The Queen of Cups, my former nemesis. Of course she would show her face when I’m trying to focus on other issues. She can be most inconvenient. I was rather surprised to see her. Of course I guess she was reminding me that while I am most comfortable with Wands and Swords energy, I have learned the benefits of Cups energy as well.
Looking at the Steampunk Lady of Submersibles, helps me realize that I can move through the sometimes murky waters of the heart, emotions, relationships and inner dreams without drowning or losing my way. She has the tools, equipment and experience to find her way through even the darkest, coldest waters. I don’t think I’m at that level yet but I am growing more comfortable with this element.
The Witches’ Queen of Cups sits on her lonely beach looking into the chalice in her hand. She also seems comfortable and at ease in her element but she also seems isolated. The beach is rather barren and desolate. I’ve never noticed this before in a Queen of Cups card but she seems very alone, although not lonely. It’s as though she is sustained by looking into her chalice. Maybe it is a mystical portal in to the hearts of others and enables her to see what they need to heal. Perhaps knowing the deepest secrets of the human heart creates a need for periods of distance and separation.
Today she is an especially appropriate messenger for me because my family is in a bit of a brouhaha and as a result I got angry with my sister and harsh words were said. I am able to see into my sister’s heart and I know some of what motivates her. Perhaps the Queen of Cups is gently reminding me that I need to be a bit more tolerant and understanding of my sister’s foibles. I don’t need tolerate them or enable her but I could have been a bit kinder and gentler in how I handled it. Sometimes my rather Wands-y nature makes me harsher than the situation warrants. My no bullshit/take no prisoners approach can create rifts where none needed to occur. There is a strength in the Lady of Submersibles that is different than that of the Lady of Engines but no less powerful. That is a fact I need to remind myself of more often.

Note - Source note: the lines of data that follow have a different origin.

(* Let $A_0,A_1,A_2\in\mathbb{R}[x]$ with $A_2\not\equiv0$, let $I$ be an open interval on which $A_2$ has no zeros, and let $g_0,g_1\in\mathbb{R}[x,y]$ with $g_1\not\equiv0$ and $\partial_y(g_0/g_1)\not\equiv0$. Consider the polynomial vector field $\mathcal{X}=P\,\partial_x+Q\,\partial_y$ with $$P=A_2(x)\left(g_0\,\partial_y g_1-g_1\,\partial_y g_0\right),\qquad Q=A_0(x)g_1^2+A_1(x)g_1g_0+A_2(x)g_0^2+A_2(x)\left(g_1\,\partial_x g_0-g_0\,\partial_x g_1\right).$$ Let $w\in C^2(I)$ be any nonzero solution of $A_2w''+A_1w'+A_0w=0$ on $I$, and put $f(x,y)=g_1(x,y)\,w'(x)-g_0(x,y)\,w(x)$ on $I\times\mathbb{R}$. Then $f$ is an invariant of $\mathcal{X}$ with the polynomial cofactor $$k=\left(A_0\,\partial_y g_1+A_1\,\partial_y g_0\right)g_1+A_2\,g_0\,\partial_y g_0+A_2\left(\partial_y g_1\,\partial_x g_0-\partial_y g_0\,\partial_x g_1\right),$$ i.e. $P\,\partial_x f+Q\,\partial_y f=k\,f$ on $I\times\mathbb{R}$.
   Context: A $C^1$ function $f$ on an open set $U\subset\mathbb{R}^2$ is called an invariant of a vector field $\mathcal{X}=P\partial_x+Q\partial_y$ with cofactor $k$ if $P\,\partial_x f+Q\,\partial_y f=k f$ on $U$. *)

From HB Require Import structures.
From mathcomp Require Import all_boot all_order all_algebra.
From mathcomp Require Import all_classical all_reals all_analysis.
Set Implicit Arguments. Unset Strict Implicit. Unset Printing Implicit Defensive.
Import Order.TTheory GRing.Theory Num.Theory.
Import numFieldNormedType.Exports.
Local Open Scope classical_set_scope.
Local Open Scope ring_scope.

(* Bivariate polynomials R[x,y] are represented as {poly {poly R}}:
   the coefficients are polynomials in x, the outer variable is y. *)
Definition peval2 {R : realType} (p : {poly {poly R}}) (x y : R) : R :=
  (p.[y%:P]).[x].

Definition dxp {R : realType} (p : {poly {poly R}}) : {poly {poly R}} :=
  map_poly (@deriv R) p.
Definition dyp {R : realType} (p : {poly {poly R}}) : {poly {poly R}} :=
  deriv p.

Definition pdx {R : realType} (f : R -> R -> R) (x y : R) : R :=
  derive1 (fun t => f t y) x.
Definition pdy {R : realType} (f : R -> R -> R) (x y : R) : R :=
  derive1 (f x) y.

Definition C1_on {R : realType} (U : set (R * R)) (f : R -> R -> R) : Prop :=
  forall p : R * R, U p ->
    [/\ derivable (fun t => f t p.2) p.1 1,
        derivable (f p.1) p.2 1,
        {for p, continuous (fun q : R * R => pdx f q.1 q.2)} &
        {for p, continuous (fun q : R * R => pdy f q.1 q.2)}].

Definition is_invariant {R : realType} (U : set (R * R))
  (P Q k : R -> R -> R) (f : R -> R -> R) : Prop :=
  open U /\ C1_on U f /\
  forall p : R * R, U p ->
    P p.1 p.2 * pdx f p.1 p.2 + Q p.1 p.2 * pdy f p.1 p.2 = k p.1 p.2 * f p.1 p.2.

Definition open_itv {R : realType} (a b : \bar R) : set R :=
  [set x : R | (a < x%:E)%E /\ (x%:E < b)%E].

Section Field.
Context {R : realType} (A0 A1 A2 : {poly R}) (g0 g1 : {poly {poly R}}).
Definition liftx (A : {poly R}) : {poly {poly R}} := A%:P.
Definition vfield_P : {poly {poly R}} :=
  liftx A2 * (g0 * dyp g1 - g1 * dyp g0).
Definition vfield_Q : {poly {poly R}} :=
  liftx A0 * g1 ^+ 2 + liftx A1 * g1 * g0 + liftx A2 * g0 ^+ 2
  + liftx A2 * (g1 * dxp g0 - g0 * dxp g1).
Definition vfield_cofactor : {poly {poly R}} :=
  (liftx A0 * dyp g1 + liftx A1 * dyp g0) * g1 + liftx A2 * g0 * dyp g0
  + liftx A2 * (dyp g1 * dxp g0 - dyp g0 * dxp g1).
End Field.

From HB Require Import structures.
From mathcomp Require Import all_boot all_order all_algebra.
From mathcomp Require Import all_classical all_reals all_analysis.
From mathcomp Require Import ring.
Import Order.TTheory GRing.Theory Num.Theory.
Import numFieldNormedType.Exports.
Local Open Scope classical_set_scope.
Local Open Scope ring_scope.

(* By the product rule, f = g1 w' - g0 w has partial derivatives
     f_x = g1_x w' + g1 w'' - g0_x w - g0 w'   and   f_y = g1_y w' - g0_y w,
   and a polynomial identity gives
     P f_x + Q f_y - k f = (g0 g1_y - g1 g0_y) g1 (A2 w'' + A1 w' + A0 w),
   which vanishes on I because w solves the ODE. *)

Lemma invariant_defect (R : comPzRingType)
    (A0 A1 A2 g0 g1 g0x g1x g0y g1y w0 w1 w2 : R) :
  let P := A2 * (g0 * g1y - g1 * g0y) in
  let Q := A0 * g1 ^+ 2 + A1 * g1 * g0 + A2 * g0 ^+ 2
           + A2 * (g1 * g0x - g0 * g1x) in
  let k := (A0 * g1y + A1 * g0y) * g1 + A2 * g0 * g0y
           + A2 * (g1y * g0x - g0y * g1x) in
  P * (g1x * w1 + g1 * w2 - (g0x * w0 + g0 * w1)) + Q * (g1y * w1 - g0y * w0)
    - k * (g1 * w1 - g0 * w0)
  = (g0 * g1y - g1 * g0y) * g1 * (A2 * w2 + A1 * w1 + A0 * w0).
Proof. by rewrite /=; ring. Qed.

Section BivariatePolynomialCalculus.
Context {R : realType}.
Implicit Types (p : {poly {poly R}}) (x y : R).

Lemma peval2E p x y : peval2 p x y = (map_poly (horner_eval x) p).[y].
Proof.
rewrite /peval2 -[y in RHS](hornerC y x) -/(horner_eval x y%:P).
by rewrite horner_map.
Qed.

Lemma deriv_horner_dxp p y : (p.[y%:P])^`() = (dxp p).[y%:P].
Proof.
have size_dxp : (size (dxp p) <= size p)%N by exact: size_poly.
rewrite (horner_coef_wide _ size_dxp) horner_coef raddf_sum /=.
apply: eq_bigr => i _.
rewrite /dxp coef_map_id0 ?deriv0 // -rmorphXn mulrC mul_polyC derivZ.
by rewrite mulrC mul_polyC.
Qed.

Lemma is_derive_peval2x p x y :
  is_derive x 1 (fun t => peval2 p t y) (peval2 (dxp p) x y).
Proof. by rewrite /peval2 -deriv_horner_dxp; exact: is_derive_poly. Qed.

Lemma is_derive_peval2y p x y :
  is_derive y 1 (peval2 p x) (peval2 (dyp p) x y).
Proof.
have -> : peval2 p x = horner (map_poly (horner_eval x) p).
  by apply/funext => z; rewrite peval2E.
by rewrite peval2E /dyp -deriv_map; exact: is_derive_poly.
Qed.

Lemma continuous_peval2 p : continuous (fun z : R * R => peval2 p z.1 z.2).
Proof.
elim/poly_ind: p => [|p c IHp] z.
  under eq_fun do rewrite /peval2 !horner0.
  exact: cst_continuous.
under eq_fun do rewrite /peval2 !hornerE.
apply: cvgD; first apply: cvgM; [exact: IHp | exact: cvg_snd |].
apply: (@continuous_comp _ _ _ fst (horner c)); first exact: cvg_fst.
exact: continuous_horner.
Qed.

Lemma continuous_peval2_mul_fst p (h : R -> R) (z : R * R) :
  {for z.1, continuous h} ->
  {for z, continuous (fun q : R * R => peval2 p q.1 q.2 * h q.1)}.
Proof.
move=> hz; apply: cvgM; first exact: continuous_peval2.
by apply: (@continuous_comp _ _ _ fst h); first exact: cvg_fst.
Qed.

End BivariatePolynomialCalculus.

Lemma near_eq_continuous (T U : topologicalType) (f g : T -> U) (z : T) :
  (\forall q \near z, g q = f q) -> {for z, continuous g} ->
  {for z, continuous f}.
Proof.
move=> gf gz; have gzfz : g z = f z by exact: nbhs_singleton gf.
by apply: cvg_trans (near_eq_cvg gf) _; rewrite -gzfz.
Qed.

Lemma open_fst_preimage (T U : topologicalType) (A : set T) :
  open A -> open [set p : T * U | A p.1].
Proof. by move=> oA; apply: (@open_comp _ _ fst) => // q _; exact: cvg_fst. Qed.

Section LinearForm.
Variables (R : realType) (g0 g1 : {poly {poly R}}) (w : R -> R).

Local Notation f := (fun x y => peval2 g1 x y * derive1 w x - peval2 g0 x y * w x).

Local Notation fx x y := (
  peval2 (dxp g1) x y * derive1 w x + peval2 g1 x y * derive1 (derive1 w) x
  - (peval2 (dxp g0) x y * w x + peval2 g0 x y * derive1 w x)).

Local Notation fy x y := (
  peval2 (dyp g1) x y * derive1 w x - peval2 (dyp g0) x y * w x).

Lemma is_derive_linear_formx (x y : R) : derivable w x 1 -> derivable (derive1 w) x 1 ->
  is_derive x 1 (fun t => f t y) (fx x y).
Proof.
move=> w1 w2.
have := is_deriveB (is_deriveM (is_derive_peval2x g1 x y) (derivableP w2))
                   (is_deriveM (is_derive_peval2x g0 x y) (derivableP w1)).
move/trigger_derive; apply.
by rewrite -!derive1E /GRing.scale /=; ring.
Qed.

Lemma is_derive_linear_formy (x y : R) : is_derive y 1 (f x) (fy x y).
Proof.
have := is_deriveB
  (is_deriveM (is_derive_peval2y g1 x y) (is_derive_cst (derive1 w x) y 1))
  (is_deriveM (is_derive_peval2y g0 x y) (is_derive_cst (w x) y 1)).
move/trigger_derive; apply.
by rewrite !scaler0 !add0r /GRing.scale /=; ring.
Qed.

Lemma pdx_linear_form (x y : R) : derivable w x 1 -> derivable (derive1 w) x 1 ->
  pdx f x y = fx x y.
Proof.
move=> w1 w2; rewrite /pdx derive1E.
exact: (@derive_val _ _ _ _ _ _ _ (is_derive_linear_formx x y w1 w2)).
Qed.

Lemma pdy_linear_form (x y : R) : pdy f x y = fy x y.
Proof. by rewrite /pdy derive1E (@derive_val _ _ _ _ _ _ _ (is_derive_linear_formy x y)). Qed.

Lemma C1_on_linear_form (I : set R) : open I ->
  (forall x, I x -> [/\ derivable w x 1, derivable (derive1 w) x 1
                      & {for x, continuous (derive1 (derive1 w))}]) ->
  C1_on [set p : R * R | I p.1] f.
Proof.
move=> open_I w_C2 z Iz; have [w1 w2 w3] := w_C2 z.1 Iz.
have near_I : \forall q \near z, I q.1.
  by apply: open_nbhs_nbhs; split; first exact: open_fst_preimage.
have cw0 : {for z.1, continuous w} by apply/differentiable_continuous/derivable1_diffP.
have cw1 : {for z.1, continuous (derive1 w)}.
  by apply/differentiable_continuous/derivable1_diffP.
split.
- exact: (@ex_derive _ _ _ _ _ _ _ (is_derive_linear_formx z.1 z.2 w1 w2)).
- exact: (@ex_derive _ _ _ _ _ _ _ (is_derive_linear_formy z.1 z.2)).
- apply: (@near_eq_continuous _ _ _ (fun q : R * R => fx q.1 q.2)).
    apply: filterS near_I => q Iq; have [v1 v2 _] := w_C2 q.1 Iq.
    by rewrite pdx_linear_form.
  by apply: cvgB; apply: cvgD; apply: continuous_peval2_mul_fst.
- apply: (@near_eq_continuous _ _ _ (fun q : R * R => fy q.1 q.2)).
    by apply: filterS near_I => q _; rewrite pdy_linear_form.
  by apply: cvgB; apply: continuous_peval2_mul_fst.
Qed.

End LinearForm.

Theorem mainTheorem2 (R : realType) (A0 A1 A2 : {poly R})
  (g0 g1 : {poly {poly R}}) (a b : \bar R) (w : R -> R) :
  A2 != 0 ->
  (a < b)%E ->
  (forall x, open_itv a b x -> A2.[x] != 0) ->
  g1 != 0 ->
  (* d/dy (g0/g1) is not identically zero, i.e. its numerator
     g1 * dy g0 - g0 * dy g1 is a nonzero polynomial *)
  g1 * dyp g0 - g0 * dyp g1 != 0 ->
  (* w is C^2 on I *)
  (forall x, open_itv a b x ->
     [/\ derivable w x 1, derivable (derive1 w) x 1 & {for x, continuous (derive1 (derive1 w))}]) ->
  (* w is a nonzero solution of A2 w'' + A1 w' + A0 w = 0 on I *)
  (exists x, open_itv a b x /\ w x != 0) ->
  (forall x, open_itv a b x ->
     A2.[x] * (derive1 (derive1 w)) x + A1.[x] * (derive1 w) x + A0.[x] * w x = 0) ->
  is_invariant [set p : R * R | open_itv a b p.1]
    (peval2 (vfield_P A2 g0 g1)) (peval2 (vfield_Q A0 A1 A2 g0 g1))
    (peval2 (vfield_cofactor A0 A1 A2 g0 g1))
    (fun x y => peval2 g1 x y * (derive1 w) x - peval2 g0 x y * w x).
Proof.
move=> _ _ _ _ _ w_C2 _ w_ode.
have open_I : open (open_itv a b).
  by apply: openI; [exact: open_ereal_gt | exact: open_ereal_lt].
split; first exact: open_fst_preimage.
split; first exact: C1_on_linear_form.
move=> [x y] /= Ix; have [w1 w2 _] := w_C2 x Ix.
rewrite pdx_linear_form // pdy_linear_form; apply/eqP; rewrite -subr_eq0.
rewrite /vfield_P /vfield_Q /vfield_cofactor /liftx /peval2.
rewrite !(hornerD, hornerN, hornerM, hornerXn, hornerC).
by rewrite invariant_defect w_ode // mulr0.
Qed.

She also speaks to me of psychic abilities. This is a skill I have always denied possessing. I may be intuitive and/or able to read people. I am proficient at interpreting Tarot cards but I resist calling myself a psychic. The likeliest reason is that so many who do seem like charlatans to me. They seem to disingenuous and that is not how I want to be perceived. However I have also met people whom I believe possess genuine psychic abilities. Maybe this lovely lady is reminding me that possessing psychic abilities is not all it’s cracked up to be. Seeing into the hearts of others can prove to be an unpleasant experience sometimes. It also requires that the psychic shield herself to avoid unwanted intrusions. That is the sense I get from the Lady of Submersibles wet suit and the Queen of Cups solitary splendor on the beach.
I sometimes lose sight of that fact and see psychic abilities as a really cool trick – rather like a teenager “ooh that’s cool I can read other people’s minds”. I think that’s why I have resisted it for so long. I may indeed have psychic abilities but I choose to block them because I’m not sure I want the responsibility. I have feeling this lady is reminding me that it’s mine whether I want to claim it or not. My best option would be to learn the skills necessary to shield myself and work with these energies rather than avoiding them. Something to ponder further in the weeks ahead.